Evidently, the parties settled a separate matter concerning Appellant's temporary total disability ("TDD Matter"), provided him by Appellee. Appellant avers that this matter was consolidated with the matter currently on appeal, to wit the casual nature of the 2009 work injury. Further, Appellant alleges that the parties settled the TDD Matter, within 30 days of a scheduled hearing. Appellant alleges that as per Lattis, the Board should have awarded Appellant its attorney's fees.

As an initial matter, this Court notes that the Board's decision did not make any reference to whether Appellant was to receive the attorney's fees. Furthermore, the record, as cited to by the parties, shows only one area in which there is mention of the request for attorney's fees.[16] In facing this issue, the Court is thwarted by two judicial review principals. The first provides that when reviewing the decision of an administrative board, the Court is limited to the record below.[17] The second is the related general admonition that appellate courts are not to consider new issues on appeal.[18] That is, if the issue were not raised below, it cannot be considered by the reviewing court. At this juncture, it is unclear whether the Board ruled upon the issue of attorney's fees, or whether this issue were even properly before it. This is primarily because the Board's opinion does not address this topic. Therefore, the Court remands this issue to the Board to clarify its views on the matter.[19] Specifically, the Board should determine 1)whether, as Appellant claims, the TDD matter and the present matter, were truly consolidated; and 2) if they were, why it is, despite Lattis' declaration that attorney's fees are to be awarded, pursuant to §2320, the Board did not grant Appellant's request.

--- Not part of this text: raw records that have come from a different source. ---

(* For every $n\in\mathbb{N}$ and $\varepsilon\in(0,1)$, the set $\mathsf{PAULI}_n$ of $n$-qubit Pauli channels admits a uniformly $\varepsilon$-approximate sample compression scheme of size $\mathcal{O}\big(\frac{n}{\varepsilon^2}\big)$. This sample compression scheme even succeeds on training data whose labels have been corrupted by adversarial label noise of strength $\varepsilon/3$: for every $\mathcal{P}\in\mathsf{PAULI}_n$ and every finite sample $S=\{(E^{(i)},y_i)\}_{i=1}^m$ with $|y_i-f_{\mathcal{P}}(E^{(i)})|\leq\varepsilon/3$ for all $i$, the reconstructed function $\hat f=\rho(\kappa(S))$ satisfies $|\hat f(E^{(i)})-f_{\mathcal{P}}(E^{(i)})|\leq\varepsilon$ for all $i$.
   Context: $\mathsf{X}$ is the set of channel test operators on two $n$-qubit systems $A,B$: $E_{A,B}\geq0$ with $E_{A,B}\leq\sigma_A\otimes\mathbb{1}_B$ for some density operator $\sigma_A$. An $n$-qubit Pauli channel is $\mathcal{P}(\rho)=\sum_{\vec z,\vec x}p_{\vec z,\vec x}P^{\vec z,\vec x}\rho P^{\vec z,\vec x\dagger}$ ($P^{\vec z,\vec x}=\mathrm{i}^{\vec z\cdot\vec x}Z^{\vec z}X^{\vec x}$, $(p_{\vec z,\vec x})$ a probability vector), identified with $f_{\mathcal{P}}:\mathsf{X}\to[0,1]$, $f_{\mathcal{P}}(E)=\mathrm{Tr}[E\,C^{\mathcal{P}}_{A,B}]$, with Choi matrix $C^{\mathcal{P}}_{A,B}=\sum_{i,j}|i\rangle\langle j|\otimes\mathcal{P}(|i\rangle\langle j|)$. A uniformly $\varepsilon$-approximate sample compression scheme of size $k$ for a class $\mathcal{F}\subseteq[0,1]^{\mathsf{X}}$ is a pair of maps: a compression map $\kappa$ sending each finite sample $S\subseteq\mathsf{X}\times[0,1]$ to a subsample $\kappa(S)\subseteq S$ of size at most $k$, and a reconstruction map $\rho$ sending such subsamples to functions $\mathsf{X}\to[0,1]$, such that for all $f\in\mathcal{F}$ and all $S=\{(x_i,f(x_i))\}_{i=1}^m$ we have $\max_i|\rho(\kappa(S))(x_i)-f(x_i)|\leq\varepsilon$. *)

From HB Require Import structures.
From mathcomp Require Import all_boot all_order all_algebra.
From mathcomp Require Import finmap.
From mathcomp Require Import complex mxtens.
From mathcomp Require Import reals.

Set Implicit Arguments.
Unset Strict Implicit.
Unset Printing Implicit Defensive.

Import Order.TTheory GRing.Theory Num.Theory.
Local Open Scope ring_scope.
Local Open Scope fset_scope.

Section Pauli.
Variable R : realType.
Local Notation C := R[i].

(* n-qubit Hilbert space dimension; computational basis indexed by 'I_(2^n),
   the k-th qubit of basis vector |a> being the k-th binary digit of a. *)
Definition qdim (n : nat) := (2 ^ n)%N.
Definition qbit (n : nat) (a : 'I_(qdim n)) (k : 'I_n) : bool := odd (a %/ 2 ^ k).

Definition bits (n : nat) := {ffun 'I_n -> bool}.

Definition adjmx (m p : nat) (A : 'M[C]_(m, p)) : 'M[C]_(p, m) :=
  (map_mx (@conjc R) A)^T.

(* positive semidefinite: <v, A v> >= 0 for all v (in the order of C = R[i],
   this means the quadratic form is real and nonnegative) *)
Definition psdmx (m : nat) (A : 'M[C]_m) : Prop :=
  forall v : 'cV[C]_m, 0 <= (adjmx v *m A *m v) 0 0.

Definition density (m : nat) (s : 'M[C]_m) : Prop := psdmx s /\ \tr s = 1.

(* channel test operators on A,B (each n qubits), operators on A (x) B;
   A is the first tensor factor *)
Definition is_test (n : nat) (E : 'M[C]_(qdim n * qdim n)) : Prop :=
  psdmx E /\
  exists sigma : 'M[C]_(qdim n), density sigma /\
    psdmx ((sigma *t (1%:M : 'M[C]_(qdim n))) - E).

(* X^x = X^{x_1} (x) ... (x) X^{x_n} : |b> |-> |b xor x> *)
Definition Xpow (n : nat) (x : bits n) : 'M[C]_(qdim n) :=
  \matrix_(a, b) (if [forall k, qbit a k == (qbit b k (+) x k)] then 1 else 0).
(* Z^z = Z^{z_1} (x) ... (x) Z^{z_n} : |a> |-> (-1)^{z.a} |a> *)
Definition Zpow (n : nat) (z : bits n) : 'M[C]_(qdim n) :=
  \matrix_(a, b) (if a == b then (-1) ^+ #|[set k | z k && qbit a k]| else 0).

Definition pauli (n : nat) (z x : bits n) : 'M[C]_(qdim n) :=
  ('i%C) ^+ #|[set k | z k && x k]| *: (Zpow z *m Xpow x).

Definition pauli_prob (n : nat) (p : {ffun bits n * bits n -> R}) : Prop :=
  (forall zx, 0 <= p zx) /\ \sum_zx p zx = 1.

Definition pauli_channel (n : nat) (p : {ffun bits n * bits n -> R})
    (rho : 'M[C]_(qdim n)) : 'M[C]_(qdim n) :=
  \sum_zx ((p zx)%:C%C *: (pauli zx.1 zx.2 *m rho *m adjmx (pauli zx.1 zx.2))).

Definition choi (n : nat) (p : {ffun bits n * bits n -> R}) : 'M[C]_(qdim n * qdim n) :=
  \sum_(i < qdim n) \sum_(j < qdim n)
     ((delta_mx i j : 'M[C]_(qdim n)) *t pauli_channel p (delta_mx i j)).

(* f_P(E) = Tr[E C^P] (real for test operators; we take the real part) *)
Definition fP (n : nat) (p : {ffun bits n * bits n -> R})
    (E : 'M[C]_(qdim n * qdim n)) : R :=
  complex.Re (\tr (E *m choi p)).

Definition example (n : nat) := ('M[C]_(qdim n * qdim n) * R)%type.

Definition pauli_compression_scheme (n : nat) (eps eta : R) (k : nat)
    (kappa : {fset example n} -> {fset example n})
    (rho : {fset example n} -> 'M[C]_(qdim n * qdim n) -> R) : Prop :=
  (forall S : {fset example n}, kappa S `<=` S /\ (#|` kappa S| <= k)%N) /\
  (forall (S : {fset example n}) E, is_test E -> 0 <= rho S E <= 1) /\
  (forall p, pauli_prob p ->
     forall S : {fset example n},
       (forall s, s \in S -> is_test s.1 /\ s.2 = fP p s.1) ->
       forall s, s \in S -> `|rho (kappa S) s.1 - fP p s.1| <= eps) /\
  (forall p, pauli_prob p ->
     forall S : {fset example n},
       (forall s, s \in S -> [/\ is_test s.1, 0 <= s.2 <= 1 &
                                 `|s.2 - fP p s.1| <= eta]) ->
       forall s, s \in S -> `|rho (kappa S) s.1 - fP p s.1| <= eps).

End Pauli.

(* The Choi matrix of the Pauli channel with error rates p is
   sum_j p_j |P_j>><<P_j|, so f_P(E) = sum_j p_j x_j(E) with
   x_j(E) = <<P_j| E |P_j>>, and x_j(E) lies in [0, 1] for every test E
   because P_j is unitary and 0 <= E <= sigma (x) 1.  PAULI_n is thus a class
   of mixtures of 4^n bounded features.  A mistake-driven exponential-weights
   learner corrects, one at a time, the examples it predicts with error above
   2 eps/3; each correction multiplies the potential
   sum_j exp(eta u_j) / exp(eta <p, u>) by at most exp(-eps^2/36), and the
   potential starts at 4^n and never drops below 1, so there are at most
   72 n / eps^2 corrections.  The compressed sample is the set of corrected
   examples: rerunning the learner on it replays the same run, and the final
   prediction, clamped to [0, 1], is within 2 eps/3 of every label, hence
   within eps of f_P. *)

From HB Require Import structures.
From mathcomp Require Import all_boot all_order all_algebra.
From mathcomp Require Import finmap complex mxtens reals.
From mathcomp Require Import sequences exp.
From mathcomp Require Import ring lra.
Import Order.TTheory GRing.Theory Num.Theory.

Set Implicit Arguments.
Unset Strict Implicit.
Unset Printing Implicit Defensive.

Lemma binary_digits_inj n a b : a < 2 ^ n -> b < 2 ^ n ->
  (forall k, k < n -> odd (a %/ 2 ^ k) = odd (b %/ 2 ^ k)) -> a = b.
Proof.
elim: n a b => [|n IH] a b; first by rewrite !ltnS !leqn0 => /eqP-> /eqP->.
move=> a_lt b_lt same_digits.
have a2_eq_b2 : a %/ 2 = b %/ 2.
  apply: IH; rewrite ?ltn_divLR -?expnSr // => k k_lt.
  by rewrite -!divnMA -expnS; apply: same_digits.
have := same_digits 0%N (ltn0Sn n); rewrite !divn1 => odd_ab.
by rewrite (divn_eq a 2) (divn_eq b 2) a2_eq_b2 !modn2 odd_ab.
Qed.

Local Open Scope ring_scope.

Section LeastFilter.
Variables (T : eqType) (leT : rel T) (P : pred T).
Hypotheses (leT_total : total leT) (leT_trans : transitive leT).
Hypothesis leT_anti : antisymmetric leT.

Definition least_filter (s : seq T) := ohead (sort leT [seq t <- s | P t]).

Lemma least_filterP s t : least_filter s = Some t ->
  [/\ t \in s, P t & forall y, y \in s -> P y -> leT t y].
Proof.
rewrite /least_filter; have := mem_sort leT [seq t <- s | P t].
have := sort_sorted leT_total [seq t <- s | P t].
case: sort => [|x r] //= sorted_xr mem_xr [<-].
have /andP[P_x xs] : P x && (x \in s) by rewrite -mem_filter -mem_xr mem_head.
split=> // y ys P_y; have : y \in x :: r by rewrite mem_xr mem_filter P_y.
case/predU1P => [->|yr]; first by case/orP: (leT_total x x).
exact: allP (order_path_min leT_trans sorted_xr) y yr.
Qed.

Lemma least_filterN s : least_filter s = None -> forall t, t \in s -> ~~ P t.
Proof.
move=> none_P t ts; apply/negP => P_t.
have : t \in sort leT [seq t <- s | P t] by rewrite mem_sort mem_filter P_t.
by move: none_P; rewrite /least_filter; case: sort.
Qed.

Lemma least_filter_sub s s' : {subset s' <= s} ->
  (forall t, least_filter s = Some t -> t \in s') -> least_filter s' = least_filter s.
Proof.
move=> s's; case Es: (least_filter s) => [t|] => [/(_ t erefl) ts'|_].
  have [_ P_t t_min] := least_filterP Es.
  case Es': (least_filter s') => [t'|]; last by move: (least_filterN Es' ts'); rewrite P_t.
  have [t's' P_t' t'_min] := least_filterP Es'.
  by rewrite (@leT_anti t' t) // t'_min ?t_min ?s's.
case Es': (least_filter s') => [t'|] //; have [t's' P_t' _] := least_filterP Es'.
by move: (least_filterN Es (s's _ t's')); rewrite P_t'.
Qed.

End LeastFilter.

Lemma expRN_le_quad (R : realType) (y : R) : 0 <= y -> expR (- y) <= 1 - y + y ^+ 2.
Proof.
move=> y_ge0; have y1_gt0 : 0 < 1 + y by lra.
rewrite expRN; apply: (@le_trans _ _ (1 + y)^-1).
  by rewrite lef_pV2 ?posrE ?expR_gt0 ?expR_ge1Dx.
by rewrite -div1r ler_pdivrMr //; nra.
Qed.

Lemma four_le_expR2 (R : realType) : 4 <= expR (2 : R).
Proof. by have := expR_ge1Dx (1 : R); rewrite -[2]/(1 + 1 : R) expRD; nra. Qed.

Section Clamp.
Variable R : realDomainType.

Definition clamp01 (y : R) : R := if y < 0 then 0 else if 1 < y then 1 else y.

Lemma clamp01_itv y : 0 <= clamp01 y <= 1.
Proof.
rewrite /clamp01; case: (ltrP y 0) => [|y_ge0]; first by rewrite lexx ler01.
by case: (ltrP 1 y) => [|y_le1]; rewrite ?lexx ?ler01 ?y_ge0.
Qed.

Lemma clamp01_dist y t : 0 <= t <= 1 -> `|clamp01 y - t| <= `|y - t|.
Proof.
rewrite /clamp01 => /andP[t_ge0 t_le1].
case: (ltrP y 0) => [y_lt0|_].
  by rewrite sub0r normrN (ger0_norm t_ge0) ler0_norm ?subr_le0; lra.
case: (ltrP 1 y) => [y_gt1|_] //.
by rewrite !ger0_norm ?subr_ge0; lra.
Qed.

End Clamp.

Section Hedge.
Variables (R : realType) (J : finType) (X : choiceType).
Local Notation labelled := (X * R)%type.
Variables (feat : X -> J -> R) (eta tau : R) (leT : rel labelled).
Hypotheses (leT_total : total leT) (leT_trans : transitive leT).
Hypothesis leT_anti : antisymmetric leT.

Based upon the foregoing, the Court will AFFIRM in part, and REMAND in part the decision of the Board. The Court affirms the Board's ruling that Appellant's current need for medical treatment is not causally related to his 2009 work injury. That finding was based upon substantial evidence–the weighing of both parties' expert opinions. Where substantial evidence supports the Board's findings, the Court will not disturb the decision, absent an error of law.[20] The Court finds no error of law committed by the Board.

As to the issue regarding Appellant's affidavit for attorney's fees, the Court REMANDS this issue to the Board for further clarification.